== Working data

(* far obstacle: the motion along -u dominates the bounded offset [w] *)
Lemma clearance_far a u w L R0 mu :
  25/4 <= nsq a -> dot a u <= 0 -> 1 <= nsq u ->
  nsq w <= R0 * R0 -> 0 <= R0 -> 3 * R0 <= L -> 0 <= mu <= 1 ->
  4 <= nsq (diff a (pscale mu (padd (pscale L u) w))).
Proof.
  destruct a as [ax ay], u as [ux uy], w as [wx wy].
  unfold nsq, dot, diff, pscale, padd; simpl.
  intros H1 H2 H3 H4 H5 H6 H7.
  set (bx := ax - mu*L*ux). set (by' := ay - mu*L*uy).
  assert (Hb : 25/4 + mu*mu*(L*L) <= bx*bx+by'*by').
  { unfold bx, by'.
    assert (0 <= mu*L) by nra.
    assert (0 <= mu*L*(-(ax*ux+ay*uy))) by nra.
    assert (mu*L*(mu*L) <= mu*L*(mu*L)*(ux*ux+uy*uy)) by nra.
    nra. }
  replace (ax - mu*(L*ux+wx)) with (bx - mu*wx) by (unfold bx; ring).
  replace (ay - mu*(L*uy+wy)) with (by' - mu*wy) by (unfold by'; ring).
  assert (2*(bx*(mu*wx)+by'*(mu*wy)) <= 1/4*(bx*bx+by'*by') + 4*(mu*mu)*(wx*wx+wy*wy)).
  { assert (0 <= (1/2*bx - 2*mu*wx)*(1/2*bx - 2*mu*wx)) by apply sqnn.
    assert (0 <= (1/2*by' - 2*mu*wy)*(1/2*by' - 2*mu*wy)) by apply sqnn.
    nra. }
  assert (mu*mu*(wx*wx+wy*wy) <= mu*mu*(R0*R0)) by (apply Rmult_le_compat_l; nra).
  assert (R0*R0*9 <= L*L) by nra.
  nra.
Qed.

Lemma clearance a u w L eta R0 mu :
  4 <= nsq a -> dot a u <= 0 -> (nsq a < 25/4 -> dot a u <= - eta) -> 1 <= nsq u ->
  nsq w <= R0 * R0 -> 0 <= R0 -> 5/2 * R0 <= L * eta -> 3 * R0 <= L -> 0 <= mu <= 1 ->
  4 <= nsq (diff a (pscale mu (padd (pscale L u) w))).
Proof.
  intros H1 H2 H3 Hu H4 H5 H6 H7 H8.
  destruct (Rlt_or_le (nsq a) (25/4)) as [h|h].
  - apply clearance_close with eta R0; auto; lra.
  - apply clearance_far with R0; auto.
Qed.

Definition behind (a u : point) (eta : R) : Prop :=
  4 <= nsq a /\ dot a u <= 0 /\ (nsq a < 25/4 -> dot a u <= - eta).

Lemma sweep_misses_start s t x u L eta R0 :
  behind (diff x s) u eta -> 1 <= nsq u -> sqd t s <= R0 * R0 -> 0 <= R0 ->
  5/2 * R0 <= L * eta -> 3 * R0 <= L ->
  disjoint (swept s (padd t (pscale L u))) (D x).
Proof.
  intros [H1 [H2 H3]] Hu Hw HR0 HLe HL. apply disjoint_of_segment. intros mu Hmu.
  replace (sqd x (pt s (padd t (pscale L u)) mu))
    with (nsq (diff (diff x s) (pscale mu (padd (pscale L u) (diff t s)))))
    by (unfold sqd, nsq, dot, diff, pscale, padd, pt; simpl; ring).
  apply clearance with eta R0; auto.
Qed.

Lemma sweep_misses_target s t x u L eta R0 :
  behind (diff t x) u eta -> 1 <= nsq u -> sqd t s <= R0 * R0 -> 0 <= R0 ->
  5/2 * R0 <= L * eta -> 3 * R0 <= L ->
  disjoint (swept s (padd t (pscale L u))) (D (padd x (pscale L u))).
Proof.
  intros [H1 [H2 H3]] Hu Hw HR0 HLe HL. apply disjoint_of_segment. intros mu Hmu.
  replace (sqd (padd x (pscale L u)) (pt s (padd t (pscale L u)) mu))
    with (nsq (diff (diff t x) (pscale (1 - mu) (padd (pscale L u) (diff t s)))))
    by (unfold sqd, nsq, dot, diff, pscale, padd, pt; simpl; ring).
  apply clearance with eta R0; auto; lra.
Qed.

Fixpoint ins (key : point -> R) (x : point) (l : list point) : list point :=
  match l with
  | nil => x :: nil
  | y :: l' => if Rle_dec (key y) (key x) then x :: l else y :: ins key x l'
  end.

Fixpoint isort (key : point -> R) (l : list point) : list point :=
  match l with nil => nil | x :: l' => ins key x (isort key l') end.

Definition geK (key : point -> R) (a b : point) : Prop := key b <= key a.

Lemma ins_perm key x l : Permutation (ins key x l) (x :: l).
Proof.
  induction l as [|y l IH]; simpl; auto.
  destruct (Rle_dec (key y) (key x)); auto.
  eapply perm_trans; [apply perm_skip, IH | apply perm_swap].
Qed.
(* For every $n>2$ and every $c\geq1$, $$\rho_{n,(1,1,c)}=\frac{n-2}{n}\cdot\frac{1}{1-(2/n)^c}.$$
   Context: Let $X$ be a finite alphabet with $n\geq 2$ letters and $X^*$ the set of words over $X$; $|v|$ is the length of a word $v$. A code over $X$ is a finite sequence $C=(v_1,\ldots,v_m)$ of words over $X$ such that every $w\in X^*$ has at most one factorization into code-words: if $w=v_{i_1}\cdots v_{i_l}=v_{j_1}\cdots v_{j_{l'}}$ with $l,l'\geq1$, then $l=l'$ and $i_t=j_t$ for all $t$. (Codes are sequences, not sets.) A code $C=(v_1,\ldots,v_m)$ is a prefix code if for all $i,j$, $v_i$ is a prefix of $v_j$ if and only if $i=j$. For a finite sequence $L=(a_1,\ldots,a_m)$ of positive integers, $UD_n(L)$ is the set of all codes $(v_1,\ldots,v_m)$ over an $n$-letter alphabet with $|v_i|=a_i$ for all $i$, $PR_n(L)\subseteq UD_n(L)$ is the subset of prefix codes, and $\rho_{n,L}=|PR_n(L)|/|UD_n(L)|$. *)

From mathcomp Require Import all_boot all_order all_algebra.
From mathcomp Require Import boolp.

Set Implicit Arguments.
Unset Strict Implicit.
Unset Printing Implicit Defensive.

Import GRing.Theory Num.Theory.

(* The word v_{i_1} ... v_{i_l} for an index sequence s = (i_1,...,i_l)
   (indices are 0-based). *)
Definition concat_idx (n : nat) (C : seq (seq 'I_n)) (s : seq nat) : seq 'I_n :=
  flatten [seq nth [::] C i | i <- s].

Definition is_code (n : nat) (C : seq (seq 'I_n)) : Prop :=
  forall s t : seq nat,
    s != [::] -> t != [::] ->
    all (fun i => i < size C) s -> all (fun i => i < size C) t ->
    concat_idx C s = concat_idx C t -> s = t.

Definition is_prefix_code (n : nat) (C : seq (seq 'I_n)) : Prop :=
  is_code C /\
  forall i j, i < size C -> j < size C ->
    (prefix (nth [::] C i) (nth [::] C j) <-> i = j).

(* Sequences of words (v_1,...,v_m) with |v_i| = a_i, for L = (a_1,...,a_m):
   the finite type of dependent tuples. *)
Definition wordseq_type (n : nat) (L : seq nat) :=
  {dffun forall i : 'I_(size L), (nth 0 L i).-tuple 'I_n}.

Definition seq_of (n : nat) (L : seq nat) (f : wordseq_type n L) : seq (seq 'I_n) :=
  [seq tval (f i) | i <- enum 'I_(size L)].

Definition UD (n : nat) (L : seq nat) : {set wordseq_type n L} :=
  [set f | `[< is_code (seq_of f) >]].

Definition PR (n : nat) (L : seq nat) : {set wordseq_type n L} :=
  [set f | `[< is_prefix_code (seq_of f) >]].

Definition rho (n : nat) (L : seq nat) : rat :=
  (#|PR n L|%:R / #|UD n L|%:R)%R.

From mathcomp Require Import all_boot all_order all_algebra.
From mathcomp Require boolp.
From mathcomp Require Import ring.

Set Implicit Arguments.
Unset Strict Implicit.
Unset Printing Implicit Defensive.

Import GRing.Theory Num.Theory.

(* A sequence of words with lengths (1, 1, c) is a triple (a, b, w) of two
   letters and a word of length c.  The proof has two parts.

   Call a letter foreign if it is neither a nor b.  For a
   nonempty word w, the sequence ([a], [b], w) is a code iff a != b and w
   contains a foreign letter: if w has no foreign letter it is itself a
   product of the one-letter code-words, and conversely the first foreign
   letter of any concatenation of code-words lies no earlier than the first
   foreign letter of w, which rules out a clash between w and a one-letter
   word and yields unique decodability by induction.  Similarly the sequence
   is a prefix code iff a != b and the first letter of w is foreign.

   Counting.  Summing over the n(n-1) ordered pairs of distinct letters,
   |UD_n(1,1,c)| = n(n-1)(n^c - 2^c) and |PR_n(1,1,c)| = n(n-1)(n-2)n^(c-1);
   the theorem is the quotient of these two numbers. *)

Lemma concat_idx_cons n (C : seq (seq 'I_n)) i s :
  concat_idx C (i :: s) = nth [::] C i ++ concat_idx C s.
Proof. by []. Qed.

Section ThreeWordCode.
Variables (n : nat) (a b : 'I_n) (w : seq 'I_n).

Local Notation C := [:: [:: a]; [:: b]; w].

Definition foreign (x : 'I_n) : bool := (x != a) && (x != b).

Local Notation valid s := (all (fun i => i < 3) s).

Lemma concat_letters (u : seq 'I_n) :
  all (fun x => (x == a) || (x == b)) u ->
  concat_idx C [seq (if x == a then 0 else 1) | x <- u] = u.
Proof.
elim: u => [|x u IHu] //= /andP[xab /IHu {}IHu].
rewrite concat_idx_cons IHu; case: eqP => [-> //|xNa].
by case/orP: xab => /eqP xab; [case: xNa | rewrite xab].
Qed.

Hypotheses (wne : w != [::]) (aNb : a != b) (w_foreign : has foreign w).

Lemma code_word_nonempty i : i < 3 -> nth [::] C i != [::].
Proof. by case: i => [|[|[|i]]]. Qed.

Lemma find_foreign_concat (t : seq nat) : valid t ->
  has foreign (concat_idx C t) -> find foreign w <= find foreign (concat_idx C t).
Proof.
elim: t => [|i t IHt] //= /andP[+ /IHt {}IHt]; rewrite concat_idx_cons.
case: i => [|[|[|i]]] // _ /=; last by rewrite find_cat w_foreign.
- by rewrite /foreign eqxx /= => /IHt /leqW.
- by rewrite /foreign eqxx andbF /= => /IHt /leqW.
Qed.

Lemma concat_letter_neq_w x s t : ~~ foreign x -> valid s ->
  x :: concat_idx C s <> w ++ concat_idx C t.
Proof.
move=> xNf vs e.
have xs_foreign : has foreign (concat_idx C s).
  by move: (has_cat foreign w (concat_idx C t)); rewrite -e /= (negbTE xNf) w_foreign.
have := congr1 (find foreign) e; rewrite find_cat w_foreign /= (negbTE xNf).
by move=> find_eq; have := find_foreign_concat vs xs_foreign; rewrite -find_eq ltnn.
Qed.

Lemma concat_idx_inj s t : valid s -> valid t -> concat_idx C s = concat_idx C t -> s = t.
Proof.
have aNf : ~~ foreign a by rewrite /foreign eqxx.
have bNf : ~~ foreign b by rewrite /foreign eqxx andbF.
elim: s t => [|i s IHs] [|j t] //=.
- move=> _ /andP[/code_word_nonempty]; rewrite concat_idx_cons.
  by case: (nth [::] C j).
- move=> /andP[/code_word_nonempty]; rewrite concat_idx_cons.
  by case: (nth [::] C i).
move=> /andP[vi vs] /andP[vj vt]; rewrite !concat_idx_cons.
case: i vi => [|[|[|i]]] // _; case: j vj => [|[|[|j]]] // _ /=.
- by case=> /(IHs t vs vt) ->.
- by case=> /eqP; rewrite (negbTE aNb).
- by move/(concat_letter_neq_w aNf vs).
- by case=> /esym/eqP; rewrite (negbTE aNb).
- by case=> /(IHs t vs vt) ->.
- by move/(concat_letter_neq_w bNf vs).
- by move/esym/(concat_letter_neq_w aNf vt).
- by move/esym/(concat_letter_neq_w bNf vt).
- by move/eqP; rewrite eqseq_cat // eqxx => /eqP/(IHs t vs vt) ->.
Qed.

End ThreeWordCode.

Lemma code_iff n (a b : 'I_n) (w : seq 'I_n) : w != [::] ->
  is_code [:: [:: a]; [:: b]; w] <-> (a != b) && has (foreign a b) w.
Proof.
move=> wne; split=> [C_code|/andP[aNb w_foreign] s t _ _]; last first.
  exact: concat_idx_inj.
apply/andP; split.
  apply/eqP => ab; have := C_code [:: 0] [:: 1] isT isT isT isT.
  by rewrite /concat_idx /= ab => /(_ erefl).
apply/negPn/negP => /hasPn w_ab.
have {}w_ab : all (fun x => (x == a) || (x == b)) w.
  by apply/allP => x /w_ab; rewrite negb_and !negbK.
set s := [seq (if x == a then 0 else 1) | x <- w].
have s_valid : all (fun i => i < 3) s.
  by rewrite all_map; apply/allP => x _ /=; case: (x == a).
have sne : s != [::] by rewrite /s; case: (w) wne.
have := C_code s [:: 2] sne isT s_valid isT.
rewrite concat_letters // /concat_idx /= cats0 => /(_ erefl) s2.
have : 2 \in s by rewrite s2 inE.
by case/mapP=> x _; case: (x == a).
Qed.

Lemma prefix_code_iff n (a b x : 'I_n) (w : seq 'I_n) :
  is_prefix_code [:: [:: a]; [:: b]; x :: w] <-> [&& a != b, x != a & x != b].
Proof.
split=> [[_ C_prefix]|/and3P[aNb xNa xNb]].
  have [/= + _] := C_prefix 0 1 isT isT; have [/= + _] := C_prefix 0 2 isT isT.
  have [/= + _] := C_prefix 1 2 isT isT; rewrite !prefix0s !andbT.
  case: (b =P x) => [_ /(_ isT) //|bNx _]; case: (a =P x) => [_ /(_ isT) //|aNx _].
  case: (a =P b) => [_ /(_ isT) //|aNb _].
  by rewrite ![x == _]eq_sym; apply/and3P; split; apply/eqP.
split; first by apply/code_iff => //=; rewrite aNb /foreign xNa xNb.
move=> i j; case: i => [|[|[|i]]] // _; case: j => [|[|[|j]]] // _ /=;
  rewrite ?prefix0s ?andbT ?eqxx ?prefix_refl ?(eq_sym b a) ?(eq_sym a x) ?(eq_sym b x);
  by rewrite ?(negbTE aNb) ?(negbTE xNa) ?(negbTE xNb).
Qed.

Section TupleCounting.
Variable T : finType.

Lemma card_tuple_cons m (P : pred T) (R : pred (m.-tuple T)) :
  #|[pred t : m.+1.-tuple T | P (thead t) && R [tuple of behead t]]| = #|P| * #|R|.
Proof.
pose cons_tuple (p : T * m.-tuple T) : m.+1.-tuple T := [tuple of p.1 :: p.2].
have cons_bij : bijective cons_tuple.
  exists (fun t => (thead t, [tuple of behead t])).
    by case=> x t; congr pair; apply: val_inj.
  by move=> t; apply: val_inj; rewrite /= [in RHS](tuple_eta t).
rewrite -[LHS]sum1_card (reindex cons_tuple (onW_bij _ cons_bij)) -cardX -sum1_card.
apply: eq_bigl => -[x t]; rewrite !inE /=.
by have -> : [tuple of behead [tuple of x :: t]] = t by apply: val_inj.
Qed.

Lemma card_tuple_all m (P : pred T) : #|[pred t : m.-tuple T | all P t]| = #|P| ^ m.
Proof.
elim: m => [|m IHm].
  rewrite expn0 -[RHS](card_tuple 0 T); apply: eq_card => t.
  by rewrite !inE; case: t => [[]].
rewrite expnS -IHm -card_tuple_cons; apply: eq_card => t.
by rewrite !inE [in LHS](tuple_eta t).
Qed.

End TupleCounting.

Lemma card_fibered (A W : finType) (P : pred A) (R : A -> pred W) (S : {pred A * W}) :
  (forall a w, ((a, w) \in S) = P a && R a w) ->
  #|S| = \sum_(a | P a) #|[pred w | R a w]|.
Proof.
move=> S_def; under eq_bigr => a _ do rewrite -sum1_card.
by rewrite pair_big_dep sum1_card; apply: eq_card => -[a w]; rewrite S_def.
Qed.

Lemma sum_distinct_pairs n K (G : 'I_n * 'I_n -> nat) :
  (forall ab, ab.1 != ab.2 -> G ab = K) ->
  \sum_(ab | ab.1 != ab.2) G ab = n * n.-1 * K.
Proof.
move=> G_const; rewrite (eq_bigr (fun _ => K)) // sum_nat_const; congr (_ * K).
rewrite (@card_fibered _ _ predT (fun a b => a != b)) //.
rewrite (eq_bigr (fun _ => n.-1)) ?sum_nat_const ?card_ord // => a _.
rewrite -[in RHS](card_ord n) -(cardC1 a).
by apply: eq_card => b; rewrite !inE eq_sym.
Qed.

Lemma card_foreign n (a b : 'I_n) : a != b -> #|[pred y | foreign a b y]| = n - 2.
Proof.
move=> aNb; have := cardC [set a; b]; rewrite cards2 aNb card_ord => n_split.
by rewrite -[X in _ = X - 2]n_split addKn; apply: eq_card => y; rewrite !inE negb_or.
Qed.

(* Words of length m containing a foreign letter: all words but those over
   the two-letter alphabet {a, b}. *)
Lemma card_tuple_has_foreign n m (a b : 'I_n) : a != b ->
  #|[pred w : m.-tuple 'I_n | has (foreign a b) w]| = n ^ m - 2 ^ m.
Proof.
move=> aNb; have := cardC [pred w : m.-tuple 'I_n | has (foreign a b) w].
rewrite card_tuple card_ord => <-.
suff -> : #|[predC [pred w : m.-tuple 'I_n | has (foreign a b) w]]| = 2 ^ m.
  by rewrite addnK.
have <- : #|[set a; b]| = 2 by rewrite cards2 aNb.
rewrite -card_tuple_all; apply: eq_card => w; rewrite unfold_in /= !inE -all_predC.
by apply: eq_all => y; rewrite -[RHS]/(y \in [set a; b]) !inE /= negb_and !negbK.
Qed.

Lemma card_tuple_head_foreign n m (a b : 'I_n) : a != b ->
  #|[pred w : m.+1.-tuple 'I_n | foreign a b (thead w)]| = (n - 2) * n ^ m.
Proof.
have n_tuples : #|{: m.-tuple 'I_n}| = n ^ m by rewrite card_tuple card_ord.
move=> aNb; rewrite -(card_foreign aNb) -n_tuples -card_tuple_cons.
by apply: eq_card => w; rewrite !inE andbT.
Qed.

Section LengthsOneOneC.
Variables (n c : nat).
Local Notation L := [:: 1; 1; c].
Local Notation triple := ('I_n * 'I_n * c.-tuple 'I_n)%type.

(* The k-th word of the sequence attached to (a, b, w); indices k >= 3 never
   occur and receive an arbitrary value. *)
Definition triple_word (x : triple) (k : nat) : (nth 0 L k).-tuple 'I_n :=
  match k as k return (nth 0 L k).-tuple 'I_n with
  | 0 => [tuple x.1.1]
  | 1 => [tuple x.1.2]
  | 2 => x.2
  | k.+3 => nseq_tuple _ x.1.1
  end.

Definition wordseq_of_triple (x : triple) : wordseq_type n L :=
  [ffun i : 'I_3 => triple_word x i].

Let i0 : 'I_3 := @Ordinal 3 0 isT.
Let i1 : 'I_3 := @Ordinal 3 1 isT.
Let i2 : 'I_3 := @Ordinal 3 2 isT.

Definition triple_of_wordseq (f : wordseq_type n L) : triple :=
  (thead (f i0), thead (f i1), f i2).

Lemma seq_of_triple x : seq_of (wordseq_of_triple x) = [:: [:: x.1.1]; [:: x.1.2]; val x.2].
Proof.
have enum3 : enum 'I_3 = [:: i0; i1; i2].
  by apply: (inj_map val_inj); rewrite val_enum_ord.
by rewrite /seq_of enum3 /= !ffunE.
Qed.

Lemma wordseq_of_tripleK : cancel triple_of_wordseq wordseq_of_triple.
Proof.
move=> f; apply/ffunP => -[[|[|[|k]]] lt_k3] //; rewrite ffunE /=;
  have -> : lt_k3 = isT by exact: eq_irrelevance.
- by apply: val_inj; case: (f i0) => -[|y []].
- by apply: val_inj; case: (f i1) => -[|y []].
- by [].
Qed.

Lemma triple_of_wordseqK : cancel wordseq_of_triple triple_of_wordseq.
Proof.
by move=> [[a b] w]; rewrite /triple_of_wordseq !ffunE.
Qed.

Lemma card_wordseq_triples (S : {set wordseq_type n L}) :
  #|S| = #|[set x : triple | wordseq_of_triple x \in S]|.
Proof.
have bij : bijective wordseq_of_triple.
  exact: Bijective triple_of_wordseqK wordseq_of_tripleK.
by rewrite -(on_card_preimset (onW_bij _ bij)); apply: eq_card => x; rewrite !inE.
Qed.

End LengthsOneOneC.

(* |UD_n(1,1,c+1)|: a sequence is a code iff a != b and w has a foreign letter. *)
Lemma card_UD n c : #|UD n [:: 1; 1; c.+1]| = n * n.-1 * (n ^ c.+1 - 2 ^ c.+1).
Proof.
rewrite card_wordseq_triples (@card_fibered _ _ (fun ab => ab.1 != ab.2)
  (fun ab (w : c.+1.-tuple 'I_n) => has (foreign ab.1 ab.2) w)).
  by apply: sum_distinct_pairs => -[a b] /= /card_tuple_has_foreign.
move=> [a b] w; rewrite !inE seq_of_triple.
by apply/boolp.asboolP/idP => /code_iff; apply; case: w => [[]].
Qed.

(* |PR_n(1,1,c+1)|: a sequence is a prefix code iff a != b and the first
   letter of w is foreign. *)
Lemma card_PR n c : #|PR n [:: 1; 1; c.+1]| = n * n.-1 * ((n - 2) * n ^ c).
Proof.
rewrite card_wordseq_triples (@card_fibered _ _ (fun ab => ab.1 != ab.2)
  (fun ab (w : c.+1.-tuple 'I_n) => foreign ab.1 ab.2 (thead w))).
  by apply: sum_distinct_pairs => -[a b] /= /card_tuple_head_foreign.
move=> [a b] /tupleP[x w]; rewrite !inE seq_of_triple theadE.
by apply/boolp.asboolP/idP => /= [/prefix_code_iff|?]; last apply/prefix_code_iff.
Qed.

Local Open Scope ring_scope.

Theorem mainTheorem8 (n c : nat) (hn : (2 < n)%N) (hc : (1 <= c)%N) :
  rho n [:: 1%N; 1%N; c] =
  ((n%:R - 2) / n%:R) * (1 - (2%:R / n%:R) ^+ c)^-1 :> rat.
Proof.
case: c hc => [//|c] _; rewrite /rho card_UD card_PR.
have n_ge2 : (2 <= n)%N by apply: ltnW.
have n_ge1 : (1 <= n)%N by apply: leq_trans n_ge2.
have pow_lt : (2 ^ c.+1 < n ^ c.+1)%N by rewrite ltn_exp2r.
have pow_le := ltnW pow_lt.
rewrite -subn1 !natrM !natrB // !natrX.
set N : rat := n%:R.
have N_neq0 : N != 0 by rewrite pnatr_eq0 -lt0n.
have N1_neq0 : N - 1 != 0 by rewrite subr_eq0 pnatr_eq1 (gtn_eqF n_ge2).
have denom_neq0 : N ^+ c.+1 - 2%:R ^+ c.+1 != 0.
  by rewrite -!natrX -natrB // pnatr_eq0 subn_eq0 -ltnNge.
have one_sub_ratio : 1 - (2%:R / N) ^+ c.+1 = (N ^+ c.+1 - 2%:R ^+ c.+1) / N ^+ c.+1.
  by rewrite expr_div_n mulrBl divff ?expf_neq0.
rewrite one_sub_ratio invf_div exprS; field.
by rewrite -exprS denom_neq0 N_neq0 N1_neq0.
Qed.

====

Give back, verbatim, the lines from the top of the entries above through the line containing "unfold nsq, dot, diff, pscale, padd; simpl.".

→ Exercise answer
(* far obstacle: the motion along -u dominates the bounded offset [w] *)
Lemma clearance_far a u w L R0 mu :
  25/4 <= nsq a -> dot a u <= 0 -> 1 <= nsq u ->
  nsq w <= R0 * R0 -> 0 <= R0 -> 3 * R0 <= L -> 0 <= mu <= 1 ->
  4 <= nsq (diff a (pscale mu (padd (pscale L u) w))).
Proof.
  destruct a as [ax ay], u as [ux uy], w as [wx wy].
  unfold nsq, dot, diff, pscale, padd; simpl.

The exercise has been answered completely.